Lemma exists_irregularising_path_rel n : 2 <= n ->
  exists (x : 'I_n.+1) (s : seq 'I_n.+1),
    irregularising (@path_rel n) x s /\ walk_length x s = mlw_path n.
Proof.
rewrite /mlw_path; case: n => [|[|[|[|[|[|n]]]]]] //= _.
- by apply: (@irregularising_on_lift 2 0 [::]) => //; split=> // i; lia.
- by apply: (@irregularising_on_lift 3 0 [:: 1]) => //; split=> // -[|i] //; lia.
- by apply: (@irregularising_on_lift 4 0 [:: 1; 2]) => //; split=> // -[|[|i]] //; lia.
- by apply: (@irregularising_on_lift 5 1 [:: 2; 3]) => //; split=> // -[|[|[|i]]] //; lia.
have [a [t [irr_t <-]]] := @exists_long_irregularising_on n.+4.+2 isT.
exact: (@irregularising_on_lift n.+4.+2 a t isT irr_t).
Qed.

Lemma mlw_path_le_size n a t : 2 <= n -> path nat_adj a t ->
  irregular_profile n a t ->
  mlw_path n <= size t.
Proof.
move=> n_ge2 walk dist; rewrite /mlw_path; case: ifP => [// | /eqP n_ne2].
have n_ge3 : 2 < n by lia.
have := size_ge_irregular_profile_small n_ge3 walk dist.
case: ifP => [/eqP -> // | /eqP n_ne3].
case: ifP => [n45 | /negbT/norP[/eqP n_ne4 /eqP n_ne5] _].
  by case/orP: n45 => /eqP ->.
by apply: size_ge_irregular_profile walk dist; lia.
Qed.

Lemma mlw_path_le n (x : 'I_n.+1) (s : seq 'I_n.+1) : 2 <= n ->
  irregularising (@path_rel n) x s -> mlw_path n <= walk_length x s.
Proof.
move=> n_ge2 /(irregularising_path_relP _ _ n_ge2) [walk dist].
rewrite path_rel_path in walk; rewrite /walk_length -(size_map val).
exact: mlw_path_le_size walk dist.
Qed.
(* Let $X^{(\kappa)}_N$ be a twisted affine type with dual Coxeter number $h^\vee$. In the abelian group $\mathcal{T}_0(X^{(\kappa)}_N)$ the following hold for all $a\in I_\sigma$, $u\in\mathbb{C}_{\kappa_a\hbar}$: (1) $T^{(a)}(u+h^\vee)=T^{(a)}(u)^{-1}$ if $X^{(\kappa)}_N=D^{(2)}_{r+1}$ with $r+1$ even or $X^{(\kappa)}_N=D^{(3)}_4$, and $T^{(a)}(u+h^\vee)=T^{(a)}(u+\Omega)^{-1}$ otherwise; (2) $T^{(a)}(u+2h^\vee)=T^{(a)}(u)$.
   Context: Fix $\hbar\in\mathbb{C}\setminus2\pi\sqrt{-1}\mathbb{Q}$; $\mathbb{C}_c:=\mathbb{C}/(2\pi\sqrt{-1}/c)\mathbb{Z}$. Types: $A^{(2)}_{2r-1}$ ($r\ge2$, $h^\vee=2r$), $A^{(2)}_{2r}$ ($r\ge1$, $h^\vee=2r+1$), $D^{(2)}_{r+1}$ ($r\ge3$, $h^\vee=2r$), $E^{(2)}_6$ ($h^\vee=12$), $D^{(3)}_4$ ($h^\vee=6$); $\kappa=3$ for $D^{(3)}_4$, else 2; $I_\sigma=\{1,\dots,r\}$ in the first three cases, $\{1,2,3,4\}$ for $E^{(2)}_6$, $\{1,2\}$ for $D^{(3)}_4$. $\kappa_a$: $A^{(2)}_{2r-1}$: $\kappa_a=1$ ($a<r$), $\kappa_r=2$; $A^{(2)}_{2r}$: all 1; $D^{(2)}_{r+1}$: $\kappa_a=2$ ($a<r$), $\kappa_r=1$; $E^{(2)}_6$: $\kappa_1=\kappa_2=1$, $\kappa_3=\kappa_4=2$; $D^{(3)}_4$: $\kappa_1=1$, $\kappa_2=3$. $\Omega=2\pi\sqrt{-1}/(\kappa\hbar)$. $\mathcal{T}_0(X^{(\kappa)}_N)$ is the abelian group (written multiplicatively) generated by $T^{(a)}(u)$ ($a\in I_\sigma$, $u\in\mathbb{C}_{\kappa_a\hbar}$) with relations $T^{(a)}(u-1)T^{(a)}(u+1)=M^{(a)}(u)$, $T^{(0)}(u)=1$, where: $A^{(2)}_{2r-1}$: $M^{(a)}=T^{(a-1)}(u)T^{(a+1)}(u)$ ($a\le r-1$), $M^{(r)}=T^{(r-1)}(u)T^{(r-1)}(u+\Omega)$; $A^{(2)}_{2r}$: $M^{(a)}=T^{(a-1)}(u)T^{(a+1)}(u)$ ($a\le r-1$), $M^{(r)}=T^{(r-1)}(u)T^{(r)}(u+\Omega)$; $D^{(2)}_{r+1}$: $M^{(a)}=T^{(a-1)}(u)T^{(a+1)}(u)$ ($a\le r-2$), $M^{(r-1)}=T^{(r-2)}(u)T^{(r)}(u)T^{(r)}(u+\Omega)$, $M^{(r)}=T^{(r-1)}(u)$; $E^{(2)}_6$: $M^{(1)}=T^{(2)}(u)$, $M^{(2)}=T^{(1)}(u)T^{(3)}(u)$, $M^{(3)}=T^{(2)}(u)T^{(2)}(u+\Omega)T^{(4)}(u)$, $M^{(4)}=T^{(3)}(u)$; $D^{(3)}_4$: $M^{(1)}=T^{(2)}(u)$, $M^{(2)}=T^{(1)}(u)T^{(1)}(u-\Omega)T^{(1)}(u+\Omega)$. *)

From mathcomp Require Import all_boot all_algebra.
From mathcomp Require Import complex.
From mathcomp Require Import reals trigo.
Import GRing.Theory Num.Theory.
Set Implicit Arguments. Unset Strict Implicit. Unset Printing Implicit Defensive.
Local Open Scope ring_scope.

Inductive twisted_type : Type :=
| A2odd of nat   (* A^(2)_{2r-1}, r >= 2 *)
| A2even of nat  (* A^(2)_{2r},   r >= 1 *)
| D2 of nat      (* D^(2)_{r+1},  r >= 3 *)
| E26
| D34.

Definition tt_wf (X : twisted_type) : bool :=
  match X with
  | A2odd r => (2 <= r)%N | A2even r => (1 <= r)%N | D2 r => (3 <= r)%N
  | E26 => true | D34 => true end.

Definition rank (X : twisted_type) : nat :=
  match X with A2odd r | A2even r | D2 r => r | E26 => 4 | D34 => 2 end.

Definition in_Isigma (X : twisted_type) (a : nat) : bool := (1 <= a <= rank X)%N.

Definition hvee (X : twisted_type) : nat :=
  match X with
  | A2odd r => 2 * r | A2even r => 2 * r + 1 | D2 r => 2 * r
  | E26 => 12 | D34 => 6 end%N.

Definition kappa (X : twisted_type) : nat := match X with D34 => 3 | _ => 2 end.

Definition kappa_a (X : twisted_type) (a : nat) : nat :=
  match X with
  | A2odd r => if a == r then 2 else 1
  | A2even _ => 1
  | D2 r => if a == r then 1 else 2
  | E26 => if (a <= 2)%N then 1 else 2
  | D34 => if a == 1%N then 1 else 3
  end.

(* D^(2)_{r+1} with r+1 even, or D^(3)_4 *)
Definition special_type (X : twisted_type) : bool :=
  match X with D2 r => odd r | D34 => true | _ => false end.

**Task description:** Reply with one number: the count of lines in the entries that include the word "From".

**Final answer:** 3